Swap Question:

A firm will be receiving a semiannual cash flow of Euro20 million. The swap rates in the US and Europe are 4.0% and 4.6%, respectively. The current exchange rate is Euro1.2/$. Identify the appropriate swap needed to convert the periodic euro cash flows to dollar.

I have no idea what this question is asking?

Please help.

each period Company is receiving 20 M Euro.

Wants to convert to $ here. and does not want to suffer the Exchange rate issues.

So company pays the Swap counter party the 20 Mill euro each semi annual period and gets a fixed amount of $ (without suffering the exchange rate issues).

So each period pays 20M Euro as 4.6% as some Principal’s interest payment.

20 / (0.046/2) = Notional Principal in Euro. = 869.565 Mill Euro.

Convert this to Notional in -\> @ 1.2 Euro / => 724.638 Mill $.

Now it receives the 4% rate in USD => 724.638 * 0.04 / 2 = 14.493 Mill $.

It’s asking, what cash flow in USD will be fair exchange for the cash flow in Euros?

Your (or at least my) first response would be to convert the Euros to USD using the exchange rate.

WRONG!

There is an implicit appreciation of one currency against the other due to the interest rate parity.

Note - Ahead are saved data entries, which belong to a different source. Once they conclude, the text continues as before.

Lemma J_mul_cont : continuous_on C TC J W rs_map.
Proof.
have tC : is_topology C TC.
  by apply: is_topology_subspace (is_topology_prod is_topology_J is_topology_J) _ => q [].
have inv1 q : C q -> [/\ FRS (rs_inv q.1), (rs_inv q.1).1.1 = q.1.1 & (rs_inv q.1).2.2 = q.1.2].
  by case=> /rs_invP.
have inv2 q : C q -> [/\ FRS (rs_inv q.2), (rs_inv q.2).1.1 = q.2.1 & (rs_inv q.2).2.2 = q.2.2].
  by case=> _ /rs_invP.
have c1 : continuous_on C TC J W fst by apply: continuous_on_fst is_topology_J _ => q [].
have c2 : continuous_on C TC J W snd by apply: continuous_on_snd is_topology_J _ => q [].
have a1 := continuous_on_comp c1 rs_inv_fst_cont.
have a2 := continuous_on_comp c1 rs_inv_snd_cont.
have b1 := continuous_on_comp c2 rs_inv_fst_cont.
have b2 := continuous_on_comp c2 rs_inv_snd_cont.
have FSR_mid q : C q -> FSR ((rs_inv q.1).2, (rs_inv q.2).1).
  move=> Cq; have [[_ S1 _] _ e1] := inv1 q Cq; have [[R2 _ _] e2 _] := inv2 q Cq.
  by split=> //=; rewrite e1 e2; case: Cq.
have cmid : continuous_on C TC FRS TRS middle :=
  continuous_on_comp (continuous_on_pair tC a2 b1 FSR_mid) g_cont.
have m1 := continuous_on_comp cmid fibprod_fst_cont.
have m2 := continuous_on_comp cmid fibprod_snd_cont.
have e1 q : C q -> ((fun q => (rs_inv q.1).1) q).2 = ((fun q => (middle q).1) q).1.
  move=> Cq; rewrite /= /middle; have := g_rng (FSR_mid q Cq); rewrite /rng2 => ->.
  by have [[]] := inv1 q Cq.
have e2 q : C q -> ((fun q => (middle q).2) q).2 = ((fun q => (rs_inv q.2).2) q).1.
  move=> Cq; rewrite /= /middle; have := g_src (FSR_mid q Cq); rewrite /src2 => ->.
  by have [[]] := inv2 q Cq.
have cR := etale_mul_cont_comp eR tC a1 m1 e1.
have cS := etale_mul_cont_comp eS tC m2 b2 e2.
have prodF q : C q -> FRS (((rs_inv q.1).1.1, (middle q).1.2), ((middle q).2.1, (rs_inv q.2).2.2)).
  move=> Cq; split=> /=.
  + exact: continuous_on_mapsto cR _ Cq.
  + exact: continuous_on_mapsto cS _ Cq.
  + by case: (g_fibprod (FSR_mid q Cq)).
apply: eq_continuous_on (continuous_on_into_img is_topology_fibprod rs_map_inj
  (continuous_on_pair tC cR cS prodF)) => q Cq.
by rewrite /= /rs_map /=; have [_ -> _] := inv1 q Cq; have [_ _ ->] := inv2 q Cq.
Qed.

Lemma J_swap_cont : continuous_on J W J W swap.
Proof.
have s1 := continuous_on_comp rs_inv_fst_cont (etale_swap_cont eR).
have s2 := continuous_on_comp rs_inv_snd_cont (etale_swap_cont eS).
have FSR_swap j : J j -> FSR (swap (rs_inv j).2, swap (rs_inv j).1).
  move=> Jj; have [[Ra Sb e] _ _] := rs_invP Jj.
  by split=> /=; [exact: (etale_swap eS)|exact: (etale_swap eR)|rewrite e].
have cg := continuous_on_comp (continuous_on_pair is_topology_J s2 s1 FSR_swap) g_cont.
apply: eq_continuous_on (continuous_on_into_img is_topology_fibprod rs_map_inj cg) => j Jj.
have [_ e1 e2] := rs_invP Jj.
rewrite /= /rs_map; have := g_rng (FSR_swap j Jj); have := g_src (FSR_swap j Jj).
by rewrite /rng2 /src2 /= => -> ->; rewrite e1 e2.
Qed.

Lemma J_swap_homeo : homeo_on J W J W (fun p => (p.2, p.1)).
Proof.
split; first exact: J_swap_cont.
by exists swap; split=> //; [exact: J_swap_cont|move=> []|move=> []].
Qed.

Lemma J_fst_cont : continuous_on J W setT open_X fst.
Proof.
apply: (continuous_on_from_img is_topology_fibprod rs_map_inj).
exact: (continuous_on_comp fibprod_fst_cont (etale_fst_cont eR)).
Qed.

(* The image of a basic open set [(U1 x U2) `&` FRS] under q |-> q.1.1 is the
   image under [fst] of the R-open set of those p in U1 with p.2 in fst @` U2. *)
Lemma fibprod_rng_open U : TRS U -> open ((fun q => q.1.1) @` U).
Proof.
move=> [W0 OW0 eU].
have -> : (fun q => q.1.1) @` U =
    \bigcup_(V in [set V : set X | open V /\ V `<=` (fun q => q.1.1) @` U]) V.
  apply/seteqP; split=> [_ [q Uq <-]|y [V [_ VU] Vy]]; last exact: VU.
  have [W0q Fq] : (W0 `&` FRS) q by rewrite -eU.
  have [U1 [U2 [OU1 OU2 U1q U2q sW]]] := OW0 q W0q.
  pose N := U1 `&` (R `&` snd @^-1` (fst @` U2)).
  have ON : OR N := openI_on tR OU1
    (continuous_on_preimage (etale_snd_cont eR) (etale_fst_open eS OU2)).
  exists (fst @` N); first split.
  - exact: (etale_fst_open eR ON).
  - move=> _ [a [U1a [Ra [b U2b eb]]] <-].
    have Fab : FRS (a, b) by split=> //=; exact: open_sub tS OU2 _ U2b.
    by exists (a, b) => //; rewrite eU; split=> //; apply: sW.
  - exists q.1 => //; split=> //; split; first by case: Fq.
    by exists q.2 => //; case: Fq.
by apply: bigcup_open => V [].
Qed.

Lemma J_fst_open V : W V -> open (fst @` V).
Proof.
move=> [U OU ->]; suff -> : fst @` (rs_map @` U) = (fun q => q.1.1) @` U.
  exact: fibprod_rng_open.
apply/seteqP; split=> [_ [_ [q Uq <-] <-]|_ [q Uq <-]].
  by exists q.
by exists (rs_map q) => //; exists q.
Qed.

Lemma J_fst_locinj j : J j ->
  exists2 V, W V & V j /\ (forall x y, V x -> V y -> x.1 = y.1 -> x = y).
Proof.
move=> Jj; have [[Rq Sq _] e1 e2] := rs_invP Jj.
have [B1 OB1 [B1q _ B1i]] := etale_bisection eR (open_full tR) Rq.
have [B2 OB2 [B2q _ B2i]] := etale_bisection eS (open_full tS) Sq.
exists (rs_map @` (box B1 B2 `&` FRS)).
  by exists (box B1 B2 `&` FRS) => //; exists (box B1 B2) => //; exact: prod_top_box.
split.
  exists (rs_inv j); first by split=> //; case: (rs_invP Jj).
  by rewrite /rs_map e1 e2 -surjective_pairing.
move=> _ _ [p1 [[B1p1 B2p1] Fp1] <-] [p2 [[B1p2 B2p2] Fp2] <-] /= e.
have e1' : p1.1 = p2.1 by apply: B1i.
have e2' : p1.2 = p2.2.
  by apply: B2i => //; case: Fp1 => _ _ <-; case: Fp2 => _ _ <-; rewrite e1'.
by rewrite (surjective_pairing p1) (surjective_pairing p2) e1' e2'.
Qed.

Lemma J_etale : compact [set: X] -> zero_dim X -> etale_eq_rel J W.
Proof.
move=> cX zX; split.
- by split; [exact: J_equivalence|exact: J_countable].
- split; first exact: is_topology_J.
  split.
  + apply: hausdorff_on_img is_topology_fibprod rs_map_inj _.
    by apply: hausdorff_on_prod tR tS (etale_hausdorff eR) (etale_hausdorff eS) => q [].
  + exact: locally_compact_on_open_locinj is_topology_J J_fst_cont J_fst_open J_fst_locinj cX zX.
  + exact: second_countable_on_img
      (second_countable_on_prod _ (etale_second_countable eR) (etale_second_countable eS)).
- exact: J_mul_cont.
- exact: J_swap_homeo.
- exact: local_homeo_on_open_locinj is_topology_J J_fst_cont J_fst_open J_fst_locinj.
Qed.

Lemma fibprod_R_unit q : FRS q -> R (rs_map q) -> q = (rs_map q, (q.2.2, q.2.2)).
Proof.
case: q => [[a b] [c d]] [/= Rab Scd ebc] Rad; rewrite /rs_map /=.
rewrite -ebc in Scd.
suff ebd : b = d by rewrite -ebc -ebd.
exact: diag_of_RS (etale_trans eR (etale_sym eR Rab) Rad) Scd.
Qed.

Lemma fibprod_S_unit q : FRS q -> S (rs_map q) -> q = ((q.1.1, q.1.1), rs_map q).
Proof.
case: q => [[a b] [c d]] [/= Rab Scd ebc] Sad; rewrite /rs_map /=.
rewrite -ebc in Scd.
suff eab : a = b by rewrite -ebc -eab.
exact: diag_of_RS Rab (etale_trans eS Sad (etale_sym eS Scd)).
Qed.

Lemma rs_map_box_R U : U `<=` R -> rs_map @` (box U D `&` FRS) = U.
Proof.
move=> UR; apply/seteqP; split=> [_ [q [[U1 D2] Fq] <-]|[x z] Uxz].
  by rewrite /rs_map -D2; case: Fq => _ _ <-; rewrite -surjective_pairing.
exists ((x, z), (z, z)) => //; split; first by split.
by split=> //=; [exact: UR|exact: (etale_refl eS)].
Qed.

Lemma rs_map_box_S U : U `<=` S -> rs_map @` (box D U `&` FRS) = U.
Proof.
move=> US; apply/seteqP; split=> [_ [q [[D1 U2] Fq] <-]|[x z] Uxz].
  by rewrite /rs_map D1; case: Fq => _ _ ->; rewrite -surjective_pairing.
exists ((x, x), (x, z)) => //; split; first by split.
by split=> //=; [exact: (etale_refl eR)|exact: US].
Qed.

Lemma J_open_R : W R.
Proof.
exists (box R D `&` FRS); last by rewrite rs_map_box_R.
by exists (box R D) => //; exact: prod_top_box (open_full tR) (etale_diagonal_open eS).
Qed.

Lemma J_open_S : W S.
Proof.
exists (box D S `&` FRS); last by rewrite rs_map_box_S.
by exists (box D S) => //; exact: prod_top_box (etale_diagonal_open eR) (open_full tS).
Qed.

Lemma subspace_J_R : subspace_top W R = OR.
Proof.
have unit_cont : continuous_on R OR FRS TRS (fun p => (p, (p.2, p.2))).
  have u := continuous_on_comp (etale_snd_cont eR) (etale_unit_cont eS).
  apply: continuous_on_pair tR (continuous_on_id tR) u _ => p Rp.
  by split=> //; exact: (etale_refl eS).
apply/seteqP; split=> U.
- move=> [V [U0 OU0 ->] ->].
  have -> : rs_map @` U0 `&` R = R `&` (fun p => (p, (p.2, p.2))) @^-1` U0.
    apply/seteqP; split=> [_ [[q U0q <-] Rq]|[x z] [Rxz U0i]].
      split=> //; rewrite /preimage /=.
      by rewrite -(fibprod_R_unit (open_sub is_topology_fibprod OU0 U0q) Rq).
    by split=> //; exists ((x, z), (z, z)).
  exact: continuous_on_preimage unit_cont OU0.
- move=> OU; exists (rs_map @` (box U D `&` FRS)).
    exists (box U D `&` FRS) => //; exists (box U D) => //.
    exact: prod_top_box OU (etale_diagonal_open eS).
  by rewrite rs_map_box_R ?setIidl //; exact: open_sub tR OU.
Qed.

Lemma subspace_J_S : subspace_top W S = OS.
Proof.
have unit_cont : continuous_on S OS FRS TRS (fun p => ((p.1, p.1), p)).
  have u := continuous_on_comp (etale_fst_cont eS) (etale_unit_cont eR).
  apply: continuous_on_pair tS u (continuous_on_id tS) _ => p Sp.
  by split=> //; exact: (etale_refl eR).
apply/seteqP; split=> U.
- move=> [V [U0 OU0 ->] ->].
  have -> : rs_map @` U0 `&` S = S `&` (fun p => ((p.1, p.1), p)) @^-1` U0.
    apply/seteqP; split=> [_ [[q U0q <-] Sq]|[x z] [Sxz U0i]].
      split=> //; rewrite /preimage /=.
      by rewrite -(fibprod_S_unit (open_sub is_topology_fibprod OU0 U0q) Sq).
    by split=> //; exists ((x, x), (x, z)).
  exact: continuous_on_preimage unit_cont OU0.
- move=> OU; exists (rs_map @` (box D U `&` FRS)).
    exists (box D U `&` FRS) => //; exists (box D U) => //.
    exact: prod_top_box (etale_diagonal_open eR) OU.
  by rewrite rs_map_box_S ?setIidl //; exact: open_sub tS OU.
Qed.

Section Uniqueness.
Variable O : set (set (X * X)).
Hypotheses (eO : etale_eq_rel J O)
  (O_R : subspace_top O R = OR) (O_S : subspace_top O S = OS).

(* The O-product restricted to R x_X S is continuous for OR x OS, since these
   are the topologies O induces on R and S. *)
Lemma open_join_sub : O `<=` W.
Proof.
move=> V OV; apply/(img_topE is_topology_fibprod rs_map_inj).
split; first exact: open_sub (etale_topology eO) OV.
have [Wp OWp eM] := continuous_on_preimage (etale_mul_cont eO) OV.
have FRS_C q : FRS q -> fibprod J J q.
  by case=> ? ? ?; split=> //; [exact: R_sub_J|exact: S_sub_J].
exists (Wp `&` box R S).
- move=> p [Wpp [Rp Sp]]; have [U [V' [OU OV' Up Vp sW]]] := OWp p Wpp.
  exists (U `&` R), (V' `&` S); split.
  + by rewrite -O_R; exists U.
  + by rewrite -O_S; exists V'.
  + by split.
  + by split.
  + by move=> r [[? ?] [? ?]]; split; [apply: sW|split].
- apply/seteqP; split=> q.
  + move=> [Fq Vq]; have : (fibprod J J `&` rs_map @^-1` V) q by split=> //; exact: FRS_C.
    by rewrite eM => -[Wpq _]; split=> //; split=> //; case: Fq.
  + move=> [[Wpq [Rq Sq]] Fq]; split=> //.
    have : (Wp `&` fibprod J J) q by split=> //; exact: FRS_C.
    by rewrite -eM => -[].
Qed.

(* Around j, cut an O-bisection B down to the points of B whose range lies in
   the open set fst @` (V `&` B); this stays inside V by injectivity of fst on B. *)
Lemma join_open_sub : W `<=` O.
Proof.
have tO := etale_topology eO.
move=> V WV; apply: (open_locally tO) => j Vj.
have Jj : J j := open_sub is_topology_J WV Vj.
have [B OB [Bj _ Binj]] := etale_bisection eO (open_full tO) Jj.
have oI : open (fst @` (V `&` B)).
  exact/J_fst_open/(openI_on is_topology_J WV (open_join_sub OB)).
exists (B `&` (J `&` fst @^-1` (fst @` (V `&` B)))).
  exact: openI_on tO OB (continuous_on_preimage (etale_fst_cont eO) oI).
split; first by split=> //; split=> //; exists j.
move=> b [Bb [Jb [c [Vc Bc] ec]]].
by rewrite (Binj b c Bb Bc (esym ec)).
Qed.

Lemma join_top_unique : O = W.
Proof. by apply/seteqP; split; [exact: open_join_sub|exact: join_open_sub]. Qed.

End Uniqueness.

Lemma fibprod_closed : hausdorff_space X -> prod_top OR OS (box R S `\` FRS).
Proof.
move=> hX p [[Rp Sp] nF].
have ne : p.1.2 != p.2.1 by apply/eqP => e; apply: nF; split.
move: hX; rewrite open_hausdorff => /(_ _ _ ne) [[U V] /= [Ux Vy] [oU oV /eqP UV]].
rewrite !in_setE in Ux Vy.
exists (R `&` snd @^-1` U), (S `&` fst @^-1` V); split.
- exact: continuous_on_preimage (etale_snd_cont eR) oU.
- exact: continuous_on_preimage (etale_fst_cont eS) oV.
- by split.
- by split.
- move=> q [[Rq Uq] [Sq Vq]]; split; first by split.
  move=> [_ _ e]; have : (U `&` V) q.1.2 by split=> //; rewrite e.
  by rewrite UV.
Qed.

Lemma J_compact : hausdorff_space X -> compact_in R OR R -> compact_in S OS S ->
  compact_in J W J.
Proof.
move=> hX cR cS; apply: compact_in_image rs_map_cont _.
have FRS_box : FRS `<=` box R S by move=> q [].
exact: (compact_in_closed_prod tR cR cS FRS_box (fibprod_closed hX)).
Qed.

End Join.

So first calculate what the notional principal would be, in Euros, on which you would get this cash flow as interest, using the European interest rate. Then convert that NP to dollars. Then calculate the USD cash flow using the American interest rate on that NP.

And don’t forget the frequency. 4.6% is actually 2.3% twice a year, so use 2.3% for European rate and 2% for American.

Thanks guys.

Very good explaination. I think I got it.

Just another note,

no floating side to this swap right?